6. A server, comprising a memory, a processor, the memory having stored thereon a speech recognition system operable on the processor, the speech recognition system when executed by the processor performing the steps of:

constructing an acoustic model, wherein the acoustic model comprises a phoneme training model and a mixed neural network model based on memory unit connection, the mixed neural network model comprises a long-time recurrent neural network HLSTM-RNN, a convolutional neural network CNN, a feedforward neural network DNN and a hidden Markov model HMM based on memory unit connection, speaker difference is reduced through the CNN-HMM, time sequence information of voice is captured through the RNN-LSTM-HMM, context modeling is carried out by utilizing historical information in a sentence, different phonemes are distinguished through the DNN-HMM, and the recognized phonemes corresponding to input voice information are output in a classified mode;

extracting acoustic features from the valid speech portion;

inputting the acoustic features into the acoustic model, performing phoneme recognition on the acoustic features through a trained phoneme training model, selecting a path with the maximum occurrence probability in a decoding network as a recognition result according to the occurrence probability of a state in a Hidden Markov Model (HMM) in the mixed neural network model, outputting the path with the maximum occurrence probability to an RNN-LSTM model based on memory unit connection in the mixed neural network model, and inputting the output of the last layer of LSTM to the feedforward neural network DNN;

and outputting text information corresponding to the voice information.

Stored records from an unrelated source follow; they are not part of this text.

Definition nerve_map (d' : Order.disp_t) (Q : porderType d') (d : Order.disp_t) (P : porderType d) (j : Q -> P)
  (hj : forall a b, (a <= b)%O -> (j a <= j b)%O) : sMap (Nerve Q) (Nerve P).
Proof.
unshelve eexists.
- move=> n q; exists [ffun i => j (proj1_sig q i)].
  apply/forallP=> a; apply/forallP=> b; apply/implyP=> hab; rewrite !ffunE.
  by apply: hj; apply: nmonoP (proj2_sig q) hab.
- by move=> m n f q; apply: val_inj; apply/ffunP => i; rewrite /= !ffunE.
Defined.

End Top.

Local Open Scope classical_set_scope.


Definition pullP (A B C : sSet) (F : sMap A C) (G : sMap B C) n (ab : sProd A B n) : Prop :=
  F n ab.1 = G n ab.2.

Lemma pullP_closed A B C (F : sMap A C) (G : sMap B C) : closedP (pullP F G).
Proof. by move=> m n f [a b]; rewrite /pullP /= => h; rewrite !smap_nat h. Qed.

Definition sPull A B C (F : sMap A C) (G : sMap B C) : sSet := sSub (pullP_closed (F := F) (G := G)).

Definition alex_cont (X : topologicalType) (d : Order.disp_t) (P : porderType d)
  (s : X -> P) : Prop := forall U, upset U -> open (s @^-1` U).

(* Exit_P(X) := N(P) x_{Sing(P)} Sing(X) *)
Definition Exit (R : realType) (X : topologicalType) (d : Order.disp_t) (P : porderType d)
  (s : X -> P) (hs : alex_cont s) : sSet :=
  sPull (NerveToSing R P) (@Singmap R X P (@open X) (@upset d P) s hs).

7. The server according to claim 6, wherein the step of preprocessing the speech signal to extract an effective speech part when the original speech signal is acquired specifically includes:

8. The server according to claim 6, wherein the step of extracting acoustic features from the valid speech portion comprises:

and obtaining an acoustic feature by performing discrete cosine transform on the energy spectrum output by the triangular filter bank, wherein the acoustic feature is MFCC (mel frequency cepstrum coefficient).

9. The server according to any one of claims 7-8, wherein the phoneme training models comprise a monophonic model and a triphone model, and the selecting a path with the highest probability of occurrence in the decoding network as the recognition result is output to the RNN-LSTM model based on memory unit connections in the hybrid neural network model further comprises:

and outputting the output result of the CNN model to the RNN-LSTM model based on the memory unit connection.

10. A computer-readable storage medium storing a speech recognition system executable by at least one processor to cause the at least one processor to perform the steps of the speech recognition method according to any one of claims 1-5.